Required action: Whenever a line below holds the word "last", count it; please give only the final number.

Collected data entries

(* Let $x<y$ be real numbers and $t\ge s\ge 0$ with $s\ge r(x)\vee r(y)$. Then (i) for any (possibly random) time $\varsigma$, $$\{X_\varsigma\in(x,y),\ \tau\ge\varsigma\ge t\}\subset\{X_s\in(x,y)\};$$ (ii) $\mu[(x,y)]\le\mu_t[(x,y)]$.
   Context: Standing setting. $(\Omega,\mathcal F,\mathbb P)$ is a complete probability space supporting a standard Brownian motion $W$ and an independent random variable $X_0\sim\mu_0$. The function $\sigma:[0,\infty)\times\mathbb R\to\mathbb R$ satisfies, for some $k\ge0$, $|\sigma(t,x)-\sigma(t,y)|\le k|x-y|$ and $|\sigma(t,x)|\le k(1+|x|)$ for all $t\ge0$, $x,y\in\mathbb R$; $X$ is the unique strong (Markov) solution of $\mathrm dX_t=\sigma(t,X_t)\,\mathrm dW_t$ with initial condition $X_0$. There is an open set $\mathcal O\subset\mathbb R$ such that $\sigma$ is bounded away from zero on $[0,\infty)\times K$ for every compact $K\subset\mathcal O$, $\sigma$ is $C^{1,2}$ on $[0,\infty)\times\mathcal O$, and $X$ and $\mu_0$ take values in $\mathcal O$. $\mu$ is a probability measure on $\mathcal O$ with $u_{\mu_0}(x)\ge u_\mu(x)>-\infty$ for all $x$, where $u_\nu(x)=-\int_{\mathbb R}|x-y|\,\mathrm d\nu(y)$. A Root barrier is a lower semicontinuous $r:[-\infty,\infty]\to[0,\infty]$ with $r(\pm\infty)=0$ such that $\tau=\inf\{t\ge0: t\ge r(X_t)\}$ satisfies $X_\tau\sim\mu$ and $(X_{t\wedge\tau})_{t\ge0}$ is uniformly integrable; $r$ is assumed to be such a barrier and regular, i.e. $u_{\mu_0}(x)=u_\mu(x)$ implies $r(x)=0$ (equivalently $r$ vanishes outside $\mathcal I=\{x: u_{\mu_0}(x)\ne u_\mu(x)\}$). For $t\ge0$ and Borel $A$, $\mu_t[A]=\mathbb P[X_{t\wedge\tau}\in A]$. *)

From HB Require Import structures.
From mathcomp Require Import all_boot all_order all_algebra.
From mathcomp Require Import all_classical all_reals all_analysis.
Set Implicit Arguments. Unset Strict Implicit. Unset Printing Implicit Defensive.
Import Order.TTheory GRing.Theory Num.Theory.
Import numFieldNormedType.Exports.
Local Open Scope classical_set_scope.
Local Open Scope ring_scope.
Local Open Scope ereal_scope.

(* Root stopping time: tau = inf { t >= 0 : t >= r(X_t) } (inf of empty set = +oo). *)
Definition root_time (R : realType) (Omega : Type) (X : R -> Omega -> R)
  (r : \bar R -> \bar R) (w : Omega) : \bar R :=
  ereal_inf [set t%:E | t in [set t : R | (0 <= t)%R /\ r (X t w)%:E <= t%:E]].

Definition stopped (R : realType) (Omega : Type) (X : R -> Omega -> R)
  (tau : Omega -> \bar R) (t : R) (w : Omega) : R :=
  if t%:E <= tau w then X t w else X (fine (tau w)) w.

Definition potential (R : realType) (nu : set R -> \bar R) (x : R) : \bar R :=
  - \int[nu]_y (`|x - y|%R)%:E.

Definition unif_integrable (R : realType) d (Omega : measurableType d)
  (P : probability Omega R) (Y : R -> Omega -> R) : Prop :=
  forall e : R, (0 < e)%R -> exists K : R, forall t : R, (0 <= t)%R ->
    \int[P]_(w in [set w | (K < `|Y t w|)%R]) (`|Y t w|)%:E < e%:E.

Definition mu_t (R : realType) d (Omega : measurableType d)
  (P : probability Omega R) (X : R -> Omega -> R) (tau : Omega -> \bar R)
  (t : R) (A : set R) : \bar R :=
  P [set w | A (stopped X tau t w)].

From HB Require Import structures.
From mathcomp Require Import all_boot all_order all_algebra.
From mathcomp Require Import all_classical all_reals all_analysis.
From mathcomp Require Import lra measurable_realfun.
Import Order.TTheory GRing.Theory Num.Theory.
Import numFieldNormedType.Exports.
Local Open Scope classical_set_scope.
Local Open Scope ring_scope.

(* If X_v lies in (x,y) at some v <= tau with v >= s, but
   X_s does not, the intermediate value theorem yields c in [s,v) with X_c = x
   or X_c = y; since r(x), r(y) <= s <= c, the barrier is hit at time c, so
   tau <= c < v, a contradiction (lemma stays_in_interval).

   (ii) compares the laws of X_tau (which is mu) and of X_{t /\ tau}.  By (i),
   and by the convergence X_u -> X_tau when tau = +oo, the event
   {X_tau in (x,y)} is contained, up to a null set, in {X_{t /\ tau} in (x,y)}
   (lemma stopped_in_interval).  To compare probabilities the latter event must
   be measurable, which reduces to the measurability of {t <= tau}.  This is
   the only delicate point: tau is an infimum over uncountably many times.  We
   show that "the path stays strictly before the barrier on [0,c]" is
   equivalent, by compactness of [0,c], lower semicontinuity of r and
   continuity of the paths, to a countable condition at rational times
   involving open thickenings of the barrier (avoids_barrierE). *)

Section paths.
Context {R : realType}.

Lemma near_continuous_nonneg {f : R -> R} :
  {within [set t : R | 0 <= t], continuous f} ->
  forall u : R, 0 <= u -> forall e : R, 0 < e ->
  \forall v \near u, 0 <= v -> `|f u - f v| < e.
Proof.
move=> fc u u0 e e0.
by have /cvgrPdist_lt/(_ e e0) := (subspace_continuousP _ _).1 fc u u0.
Qed.

Lemma continuous_within_itv {f : R -> R} {a : R} (b : R) : 0 <= a ->
  {within [set t : R | 0 <= t], continuous f} -> {within `[a, b], continuous f}.
Proof.
move=> a0 fc; apply/subspace_continuousP => u; rewrite /= in_itv /= => /andP[au _].
apply/cvgrPdist_lt => e e0.
have := near_continuous_nonneg fc _ (le_trans a0 au) _ e0.
apply: filter_app; near=> v => H.
by rewrite /= in_itv /= => /andP[av _]; apply: H; exact: le_trans a0 av.
Unshelve. all: by end_near. Qed.

Lemma ivt_exit {f : R -> R} {s v : R} (x y : R) : s <= v ->
  {within `[s, v], continuous f} -> f v \in `]x, y[ -> f s \notin `]x, y[ ->
  exists2 c, s <= c < v & f c = x \/ f c = y.
Proof.
move=> sv fc; rewrite !in_itv /= => /andP[xv vy].
rewrite negb_and -!leNgt => fs_out.
have [z zx zf] : exists2 z, z = x \/ z = y &
    Num.min (f s) (f v) <= z <= Num.max (f s) (f v).
  case/orP: fs_out => [sx|ys]; [exists x; first by left|exists y; first by right].
    by rewrite ge_min sx le_max (ltW xv) orbT.
  by rewrite ge_min (ltW vy) orbT le_max ys.
have [c] := IVT sv fc zf; rewrite in_itv /= => /andP[sc cv] fcz.
exists c; last by case: zx => <-; [left|right].
rewrite sc lt_neqAle cv andbT; apply/eqP => cv_eq; move: fcz; rewrite cv_eq.
by case: zx => -> fvz; move: xv vy; rewrite fvz ltxx.
Qed.

Lemma rat_approx {u c d : R} : 0 <= u <= c -> 0 < d ->
  exists q : rat, 0 <= (ratr q : R) <= c /\ `|u - ratr q| < d.
Proof.
move=> /andP[u0 uc] d0; have [u_gt0|u_le0] := ltP 0 u; last first.
  have -> : u = 0 by apply/eqP; rewrite eq_le u_le0 u0.
  by exists 0%R; rewrite rmorph0 lexx (le_trans u0 uc) subr0 normr0.
have /rat_in_itvoo[q] : Num.max (u - d) 0 < u by rewrite gt_max u_gt0 gtrBl d0.
rewrite in_itv /= gt_max => /andP[/andP[udq q0] qu].
exists q; rewrite (ltW q0) (le_trans (ltW qu) uc).
by rewrite ger0_norm ?subr_ge0 ?(ltW qu) //; lra.
Qed.

End paths.

Section root_time.
Context {R : realType} {Omega : Type} (X : R -> Omega -> R) (r : \bar R -> \bar R).
Local Notation tau := (root_time X r).

Lemma root_time_le {w : Omega} {u : R} : 0 <= u -> (r (X u w)%:E <= u%:E)%E -> (tau w <= u%:E)%E.
Proof. by move=> u0 ru; apply: ereal_inf_lbound; exists u. Qed.

Lemma root_time_ge0 w : (0 <= tau w)%E.
Proof. by apply: le_ereal_inf_tmp => _ [u [u0 _] <-]; rewrite lee_fin. Qed.

Lemma root_time_geP w (t : R) :
  (t%:E <= tau w)%E <-> forall u, 0 <= u < t -> (u%:E < r (X u w)%:E)%E.
Proof.
split=> [tw u /andP[u0 ut]|Hw].
  rewrite ltNge; apply/negP => /(root_time_le u0)/(le_trans tw).
  by rewrite lee_fin leNgt ut.
apply: le_ereal_inf_tmp => _ [u [u0 ru] <-]; rewrite lee_fin leNgt.
by apply/negP => ut; move: (Hw u); rewrite u0 ut ltNge ru => /(_ isT).
Qed.

Lemma stays_in_interval {w : Omega} {x y s v : R} :
  {within [set t : R | 0 <= t], continuous (X ^~ w)} ->
  0 <= s -> s <= v -> (r x%:E <= s%:E)%E -> (r y%:E <= s%:E)%E ->
  X v w \in `]x, y[ -> (v%:E <= tau w)%E -> X s w \in `]x, y[.
Proof.
move=> Xc s0 sv rx ry Xv vtau; apply: contraT => Xs.
have [c /andP[sc cv] Xc_end] := ivt_exit x y sv (continuous_within_itv v s0 Xc) Xv Xs.
have rc : (r (X c w)%:E <= c%:E)%E.
  by apply: le_trans (_ : s%:E <= c%:E)%E; [case: Xc_end => ->|rewrite lee_fin].
have := le_trans vtau (root_time_le (le_trans s0 sc) rc).
by rewrite lee_fin leNgt cv.
Qed.

End root_time.

Section barrier_neighbourhoods.
Context {R : realType} (r : \bar R -> \bar R).

(* The 1/(n+1)-thickening around time q of the barrier, seen as a set of
   space points: z is in it when it is 1/(n+1)-close to some z' with
   r(z') <= p for a time p that is 1/(n+1)-close to q. *)
Definition barrier_nbhd (q : R) (n : nat) : set R :=
  \bigcup_(p in [set p : R * R | `|q - p.1| < n.+1%:R^-1 /\ (r p.2%:E <= p.1%:E)%E])
     ball p.2 n.+1%:R^-1.

Lemma open_barrier_nbhd q n : open (barrier_nbhd q n).
Proof. by apply: bigcup_open => p _; exact: ball_open. Qed.

Hypothesis rlsc : lower_semicontinuous r.

Lemma lsc_ball_bound (z u : R) : (u%:E < r z%:E)%E ->
  exists a e : R, [/\ u < a, 0 < e & forall z', ball z e z' -> (a%:E < r z'%:E)%E].
Proof.
move=> urz.
have [a ua arz] : exists2 a : R, u < a & (a%:E < r z%:E)%E.
  move: urz; case: (r z%:E) => [b||] //=; rewrite ?lte_fin => ub.
  - by exists ((u + b) / 2); rewrite ?lte_fin; lra.
  - by exists (u + 1); [rewrite ltrDl|rewrite ltry].
have [V Vn Va] := rlsc _ _ arz.
have : \forall z' \near z, (a%:E < r z'%:E)%E.
  by apply: (nbhs_EFin (fun y => a%:E < r y)%E z).1; apply: filterS Vn.
by move=> /nbhs_ballP[e /= e0 eb]; exists a, e; split.
Qed.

Task output: 2